Records to process:
(* Let $G_0$ be a finite group with an involutive automorphism $g\mapsto\tilde g$, and $\omega$ a normalized $U(1)$-valued 2-cocycle on $G_0$ with $\omega(g,h)\omega(\tilde g,\tilde h)=1$ for all $g,h$. Let $\mathcal D^\alpha$ be an irreducible projective unitary representation of $G_0$ with cocycle $\omega$, of dimension $d_\alpha$ and character $\chi_\alpha$, and define $\iota_\alpha=\frac1{|G_0|}\sum_{g\in G_0}\omega(\tilde g,g)\chi_\alpha(\tilde gg)$. Then $g\mapsto\mathcal D^{\alpha^\star}(g):=\overline{\mathcal D^\alpha(\tilde g)}$ is again an irreducible projective unitary representation with cocycle $\omega$, $\iota_\alpha\in\{0,1,-1\}$, and: (1) $\iota_\alpha=0$ if and only if $\alpha^\star$ is inequivalent to $\alpha$; (2) $\iota_\alpha=1$ if and only if there is a unitary change of basis after which $\overline{\mathcal D^\alpha(\tilde g)}=\mathcal D^\alpha(g)$ for all $g\in G_0$; (3) $\iota_\alpha=-1$ if and only if $d_\alpha$ is even and there is a unitary change of basis after which $\overline{\mathcal D^\alpha(\tilde g)}=Y\mathcal D^\alpha(g)Y$ for all $g$, where $Y=\sigma_y\otimes\mathbb{1}_{d_\alpha/2}$. *)

From HB Require Import structures.
From mathcomp Require Import all_boot all_order all_algebra all_fingroup all_field.
Set Implicit Arguments.
Unset Strict Implicit.
Unset Printing Implicit Defensive.
Import Order.TTheory GRing.Theory Num.Theory.
Local Open Scope ring_scope.

Definition ctr_mx (m n : nat) (A : 'M[algC]_(m, n)) : 'M[algC]_(n, m) :=
  (map_mx (fun x : algC => x^*) A)^T.
(* In the setting described in the context, assume (F1) and (F2). Then for all $t\ge0$, $$\|w(t+1)-n\pi\otimes\bar w(t+1)\|_{\pi\otimes1_d}\le\sigma_W(1+\alpha L\delta)\|w(t)-n\pi\otimes\bar w(t)\|_{\pi\otimes1_d}+\alpha L\sigma_WD_1[t]\,\|\bar w(t)-w_*\|+\alpha\sigma_WD_2[t],$$ where $D_1[t]=\delta\|1_n-n\pi\|_\pi\sigma_W^t+\sqrt{\sum_{j=1}^n1/\pi_j}$ and $D_2[t]=L\delta\|1_n-n\pi\|_\pi\sigma_W^t\|w_*\|+\|\nabla F(1_n\otimes w_* )\|_{\pi\otimes1_d}$.
   Context: $G=(V,E)$ directed on $\{1,\dots,n\}$, self-loop at each vertex, strongly connected; $d_j=|\{i:(j,i)\in E\}|$, $W_{ij}=1/d_j$ if $(j,i)\in E$, else $0$. $\pi$: $W\pi=\pi$, $\pi_i>0$, $\sum\pi_i=1$; $W^\infty=\pi1_n^\top$. $\|x\|_\pi=(\sum_ix_i^2/\pi_i)^{1/2}$ on $\mathbb R^n$, $|||\cdot|||_\pi$ the induced operator norm, $\sigma_W=|||W-W^\infty|||_\pi$ (known $<1$). On $\mathbb R^{nd}$, $\|x\|_{\pi\otimes1_d}=(\sum_i\|x_i\|^2/\pi_i)^{1/2}$. $v\otimes u=\mathrm{col}(v_1u,\dots,v_nu)$. $f_i:\mathbb R^d\to\mathbb R$, $f=\frac1n\sum f_i$; (F1) each $\nabla f_i$ is $L_i$-Lipschitz, $L=\max L_i$; (F2) $f$ is $\beta$-strongly convex, $\beta>0$; $w_*$ is the minimizer of $f$. $\nabla F(x)=\mathrm{col}(\nabla f_1(x_1),\dots,\nabla f_n(x_n))$. Algorithm with stepsize $\alpha>0$: given $w(0)\in\mathbb R^{nd}$, $y(0)=1_n$; for $t\ge0$: $z_i(t)=w_i(t)/y_i(t)$, $x_i(t)=w_i(t)-\alpha\nabla f_i(z_i(t))$, $w_i(t+1)=\sum_jW_{ij}x_j(t)$, $y_i(t+1)=\sum_jW_{ij}y_j(t)$. $\bar w(t)=\frac1n\sum_iw_i(t)$, $\delta=\sup_{t\ge0}\max_i1/y_i(t)$. *)

From HB Require Import structures.
From mathcomp Require Import all_boot all_order all_algebra.
From mathcomp Require Import all_classical all_reals all_analysis.
Set Implicit Arguments. Unset Strict Implicit. Unset Printing Implicit Defensive.
Import Order.TTheory GRing.Theory Num.Theory.
Import numFieldNormedType.Exports.
Local Open Scope classical_set_scope.
Local Open Scope ring_scope.

Section Defs.
Variable R : realType.

Definition dotv (d : nat) (u v : 'rV[R]_d) : R := \sum_(k < d) u 0 k * v 0 k.
Definition enorm (d : nat) (u : 'rV[R]_d) : R := Num.sqrt (\sum_(k < d) u 0 k ^+ 2).

Definition pinorm (n : nat) (pi : 'cV[R]_n) (x : 'cV[R]_n) : R :=
  Num.sqrt (\sum_(i < n) x i 0 ^+ 2 / pi i 0).

(* ||x||_{pi (x) 1_d} on R^{nd}; x is stored as an n x d matrix whose i-th row is x_i *)
Definition pmnorm (n d : nat) (pi : 'cV[R]_n) (X : 'M[R]_(n, d)) : R :=
  Num.sqrt (\sum_(i < n) enorm (row i X) ^+ 2 / pi i 0).

Definition outdeg (n : nat) (E : rel 'I_n) (j : 'I_n) : nat := #|[set i | E j i]|.

Definition Wmat (n : nat) (E : rel 'I_n) : 'M[R]_n :=
  \matrix_(i, j) (if E j i then ((outdeg E j)%:R)^-1 else 0).

Definition Winf (n : nat) (pi : 'cV[R]_n) : 'M[R]_n := pi *m const_mx 1.

Definition sigmaW (n : nat) (W : 'M[R]_n) (pi : 'cV[R]_n) : R :=
  sup [set r | exists x : 'cV[R]_n, x != 0 /\
                 r = pinorm pi ((W - Winf pi) *m x) / pinorm pi x].
(* Let $u$ be a harmonic function on $V_m$, i.e. $H_m u(p)=0$ for every $p\in V_m\setminus V_0$. If, for each $w\in W_m$, $T_w=\{p_{w0},p_{w1},p_{w2}\}$ is a minimal cell in $V_m$, and we extend $u$ to $T_{w1}\cup T_{w2}$ with \[ u(p_{w10}) = \Big(1 - \frac{1}{h^2}\Big) u(p_{w1}) + \frac{1}{h^2} u(p_{w2}),\qquad u(p_{w20}) = u(p_{w10}), \] then $u$ is harmonic in $V_{m+1}$, i.e. $H_{m+1}u(p)=0$ for every $p\in V_{m+1}\setminus V_0$.
   Context: The Hata tree set is the unique compact $K\subset\mathbb{C}$ with $K=F_1(K)\cup F_2(K)$, where $F_1(z)=\alpha\bar z$, $F_2(z)=(1-|\alpha|^2)\bar z+|\alpha|^2$, and $0<|\alpha|,|1-\alpha|<1$. The boundary is $V_0=\{p_0,p_1,p_2\}=\{\alpha,0,1\}$. For a word $w=w_1\cdots w_m\in W_m=\{1,2\}^m$, $F_w=F_{w_1}\circ\cdots\circ F_{w_m}$, $p_{wi}=F_w(p_i)$, and $V_m=\bigcup_{w\in W_m}F_w(V_0)$; note $p_0=p_{12}$ and $|\alpha|^2=p_{10}=p_{21}$. A minimal cell in $V_m$ is $T_w=\{p_{w0},p_{w1},p_{w2}\}$ with $w\in W_m$; as points of $V_{m+1}$, $T_w=\{p_{w12},p_{w11},p_{w22}\}$, and $K_w\cap V_{m+1}=T_{w1}\cup T_{w2}$ with new points $p_{w10}=p_{w21}$ and $p_{w20}$. For a parameter $h>1$, the harmonic structure is given by the Laplacian on $V_0$ (basis $\chi_\alpha,\chi_0,\chi_1$) \[ D=\begin{pmatrix}-h&h&0\\ h&-(h+1)&1\\ 0&1&-1\end{pmatrix}, \] with resistance renormalization factors $r_1=1/h$, $r_2=1-1/h^2$, and $r_w=r_{w_1}\cdots r_{w_m}$. The discrete Laplacians $H_m$ on $V_m$ are $H_m=\sum_{w\in W_m}\frac{1}{r_w}R_w^tDR_w$ (with $R_w u=u\circ F_w|_{V_0}$); explicitly, at $p=p_{w1}=p_{w'0}$, $H_mf(p)=\frac{1}{r_w}\big(f(p_{w2})-f(p_{w1})+h(f(p_{w0})-f(p_{w1}))\big)+\frac{h}{r_{w'}}\big(f(p_{w'1})-f(p_{w'0})\big)$; at $p=p_{w1}=p_{w'2}$, $H_mf(p)=\frac{1}{r_w}\big(f(p_{w2})-f(p_{w1})+h(f(p_{w0})-f(p_{w1}))\big)+\frac{1}{r_{w'}}\big(f(p_{w'1})-f(p_{w'2})\big)$; at $p=p_{w0}$ in no other cell, $H_mf(p)=\frac{h}{r_w}(f(p_{w1})-f(p_{w0}))$; at $p=p_{w2}$ in no other cell, $H_mf(p)=\frac{1}{r_w}(f(p_{w1})-f(p_{w2}))$. *)

From HB Require Import structures.
From mathcomp Require Import all_boot all_order all_algebra.
From mathcomp Require Import complex.
Set Implicit Arguments. Unset Strict Implicit. Unset Printing Implicit Defensive.
Import Order.TTheory GRing.Theory Num.Theory.
Local Open Scope ring_scope.
Local Open Scope complex_scope.

Notation normc := ComplexField.Normc.normc.

Section Hata.
Variable R : rcfType.

Definition asq (a : R[i]) : R := normc a ^+ 2.

Definition F1 (a z : R[i]) : R[i] := a * conjc z.
Definition F2 (a z : R[i]) : R[i] := (1 - asq a)%:C * conjc z + (asq a)%:C.

Definition Fl (a : R[i]) (k : 'I_2) : R[i] -> R[i] :=
  if val k == 0%N then F1 a else F2 a.

(* F_w = F_{w_1} o ... o F_{w_m} for the word w = [:: w_1; ...; w_m] *)
Definition Fw (a : R[i]) (w : seq 'I_2) (z : R[i]) : R[i] :=
  foldr (fun k z => Fl a k z) z w.

Definition pt (a : R[i]) (i : 'I_3) : R[i] :=
  if val i == 0%N then a else if val i == 1%N then 0 else 1.

Definition pw (a : R[i]) (w : seq 'I_2) (i : 'I_3) : R[i] := Fw a w (pt a i).

Definition inV (a : R[i]) (m : nat) (z : R[i]) : Prop :=
  exists (w : m.-tuple 'I_2) (i : 'I_3), z = pw a w i.
Definition inV0 (a : R[i]) (z : R[i]) : Prop := exists i : 'I_3, z = pt a i.

(* the Laplacian D on V_0, basis (chi_alpha, chi_0, chi_1) *)
Definition Dmat (h : R) : 'M[R]_3 :=
  \matrix_(i < 3, j < 3)
    nth 0 (nth [::] [:: [:: - h; h; 0]; [:: h; - (h + 1); 1]; [:: 0; 1; -1]] i) j.

Definition rl (h : R) (k : 'I_2) : R :=
  if val k == 0%N then 1 / h else 1 - 1 / h ^+ 2.
Definition rw (h : R) (w : seq 'I_2) : R := \prod_(k <- w) rl h k.

(* H_m f (z) = sum_{w in W_m} (1/r_w) (R_w^t D R_w f)(z),
   where (R_w f)_j = f(p_{wj}) and (R_w^t v)(z) = sum_{i : p_{wi} = z} v_i *)
Definition Hm (a : R[i]) (h : R) (m : nat) (f : R[i] -> R) (z : R[i]) : R :=
  \sum_(w : m.-tuple 'I_2)
     (rw h w)^-1 * \sum_(i < 3) (pw a w i == z)%:R *
        \sum_(j < 3) Dmat h i j * f (pw a w j).

End Hata.

From HB Require Import structures.
From mathcomp Require Import all_boot all_order all_algebra complex ring.
Import Order.TTheory GRing.Theory Num.Theory.
Set Implicit Arguments. Unset Strict Implicit. Unset Printing Implicit Defensive.
Local Open Scope ring_scope.

(* H_m is a sum over the cells w of W_m of local contributions.  For every cell
   w, the contributions of its subcells w1 and w2 add up, at every point, to the
   contribution of w: the harmonic-extension values make the terms at the new
   vertices p_{w10} = p_{w21} and p_{w20} vanish, and r_{wk} = r_w r_k restores
   the terms at the old vertices.  Hence H_{m+1} u = H_m u everywhere, which
   vanishes on V_m \ V_0 by assumption and trivially off V_m. *)

Lemma big_tuple_rcons (V : nmodType) (T : finType) (n : nat) (G : seq T -> V) :
  \sum_(t : n.+1.-tuple T) G t = \sum_(w : n.-tuple T) \sum_(k : T) G (rcons w k).
Proof.
rewrite pair_big /= (reindex (fun p : n.-tuple T * T => rcons_tuple p.1 p.2)) //.
apply: onW_bij; apply: inj_card_bij.
  by move=> [w k] [w' k'] /(congr1 val) /rcons_inj [/val_inj -> ->].
by rewrite card_prod !card_tuple expnS mulnC.
Qed.

Lemma big_ord2 (V : nmodType) (F : 'I_2 -> V) :
  \sum_(i < 2) F i = F ord0 + F (inord 1).
Proof.
rewrite !big_ord_recr big_ord0 /= add0r.
by congr (_ + _); congr F; apply/val_inj; rewrite /= ?inordK.
Qed.

Lemma big_ord3 (V : nmodType) (F : 'I_3 -> V) :
  \sum_(i < 3) F i = F ord0 + F (inord 1) + F (inord 2).
Proof.
rewrite !big_ord_recr big_ord0 /= add0r.
by congr (_ + _ + _); congr F; apply/val_inj; rewrite /= ?inordK.
Qed.

Section HataCells.
Variables (R : rcfType) (a : R[i]) (h : R).
Local Open Scope complex_scope.

Lemma asqE : (asq a)%:C = a * conjc a.
Proof.
case: a => a1 a2; rewrite /asq /= sqr_sqrtr ?addr_ge0 ?sqr_ge0 //.
by apply/eqP; rewrite eq_complex /=; apply/andP; split; apply/eqP; ring.
Qed.

Lemma F1_0 : F1 a 0 = 0.
Proof. by rewrite /F1 conjc0 mulr0. Qed.

Lemma F1_1 : F1 a 1 = a.
Proof. by rewrite /F1 conjc1 mulr1. Qed.

Lemma F2_1 : F2 a 1 = 1.
Proof. by rewrite /F2 conjc1 mulr1 -rmorphD subrK. Qed.

(* The two subcells meet at p_{w10} = p_{w21} = F_w(|alpha|^2). *)
Lemma F2_0 : F2 a 0 = F1 a a.
Proof. by rewrite /F2 /F1 conjc0 mulr0 add0r asqE. Qed.

Lemma pw_rcons (w : seq 'I_2) (k : 'I_2) (j : 'I_3) :
  pw a (rcons w k) j = Fw a w (Fl a k (pt a j)).
Proof. by rewrite /pw /Fw foldr_rcons. Qed.

Lemma rw_rcons (w : seq 'I_2) (k : 'I_2) : rw h (rcons w k) = rw h w * rl h k.
Proof. by rewrite /rw -cats1 big_cat big_seq1. Qed.

Definition cellLap (u : R[i] -> R) (w : seq 'I_2) (z : R[i]) : R :=
  (rw h w)^-1 * \sum_(i < 3) (pw a w i == z)%:R * \sum_(j < 3) Dmat h i j * u (pw a w j).

Lemma HmE (m : nat) (u : R[i] -> R) (z : R[i]) :
  Hm a h m u z = \sum_(w : m.-tuple 'I_2) cellLap u w z.
Proof. by []. Qed.

Definition harmonic_ext (u : R[i] -> R) (w : seq 'I_2) : Prop :=
  u (pw a (rcons w ord0) ord0)
    = (1 - 1 / h ^+ 2) * u (pw a w (inord 1)) + 1 / h ^+ 2 * u (pw a w (inord 2))
  /\ u (pw a (rcons w (inord 1)) ord0) = u (pw a (rcons w ord0) ord0).

Hypotheses (h_neq0 : h != 0) (hsq_neq1 : h ^+ 2 != 1).

Lemma rw_neq0 (w : seq 'I_2) : rw h w != 0.
Proof.
rewrite prodf_seq_neq0; apply/allP => k _ /=; rewrite /rl.
case: ifP => _; first by rewrite div1r invr_neq0.
by rewrite subr_eq0 eq_sym div1r invr_eq1.
Qed.

Lemma cellLap_rcons (u : R[i] -> R) (w : seq 'I_2) (z : R[i]) :
  harmonic_ext u w -> \sum_(k < 2) cellLap u (rcons w k) z = cellLap u w z.
Proof.
rewrite /harmonic_ext big_ord2 /cellLap !big_ord3 !pw_rcons !rw_rcons /Dmat !mxE.
rewrite /pw /pt /Fl /rl /= !inordK //= F1_0 F1_1 F2_0 F2_1 => -[-> ->].
have hq : h ^+ 2 - 1 != 0 by rewrite subr_eq0.
by field; rewrite rw_neq0 h_neq0 hq.
Qed.

Lemma Hm_succ (m : nat) (u : R[i] -> R) :
  (forall w : m.-tuple 'I_2, harmonic_ext u w) -> Hm a h m.+1 u =1 Hm a h m u.
Proof.
move=> ext z; rewrite !HmE (big_tuple_rcons m (fun w => cellLap u w z)).
by apply: eq_bigr => w _; apply: cellLap_rcons.
Qed.

End HataCells.

Section VertexSets.
Variables (R : rcfType) (a : R[i]) (m : nat).

Lemma inVP (z : R[i]) :
  reflect (inV a m z) [exists w : m.-tuple 'I_2, [exists j, pw a w j == z]].
Proof.
apply: (iffP existsP) => [[w /existsP [j /eqP wjz]] | [w [j zwj]]].
  by exists w, j.
by exists w; apply/existsP; exists j; rewrite zwj.
Qed.

Lemma Hm_notin_V (h : R) (u : R[i] -> R) (z : R[i]) :
  ~ inV a m z -> Hm a h m u z = 0.
Proof.
move=> zNV; rewrite /Hm big1 // => w _; rewrite big1 ?mulr0 // => j _.
case: eqP => [wjz | _]; last by rewrite mul0r.
by case: zNV; exists w, j.
Qed.

End VertexSets.

Theorem mainTheorem1 (R : rcfType) (a : R[i]) (h : R) (m : nat) (u : R[i] -> R) :
  0 < normc a < 1 -> 0 < normc (1 - a) < 1 -> 1 < h ->
  (forall z, inV a m z -> ~ inV0 a z -> Hm a h m u z = 0) ->
  (forall w : m.-tuple 'I_2,
      u (pw a (rcons w ord0) ord0)
        = (1 - 1 / h ^+ 2) * u (pw a w (inord 1)) + 1 / h ^+ 2 * u (pw a w (inord 2))
   /\ u (pw a (rcons w (inord 1)) ord0) = u (pw a (rcons w ord0) ord0)) ->
  forall z, inV a m.+1 z -> ~ inV0 a z -> Hm a h m.+1 u z = 0.
Proof.
move=> _ _ h_gt1 harm ext z _ zNV0.
have h_neq0 : h != 0 by rewrite gt_eqF // (lt_trans ltr01 h_gt1).
have hsq_neq1 : h ^+ 2 != 1 by rewrite gt_eqF // exprn_egt1.
rewrite (Hm_succ h_neq0 hsq_neq1 ext).
have [zV | zNV] := inVP a m z; [exact: harm | exact: Hm_notin_V].
Qed.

How to complete this task: Go through the records above and return each line in which the word "VertexSets" occurs.

Your solution:
Section VertexSets.
End VertexSets.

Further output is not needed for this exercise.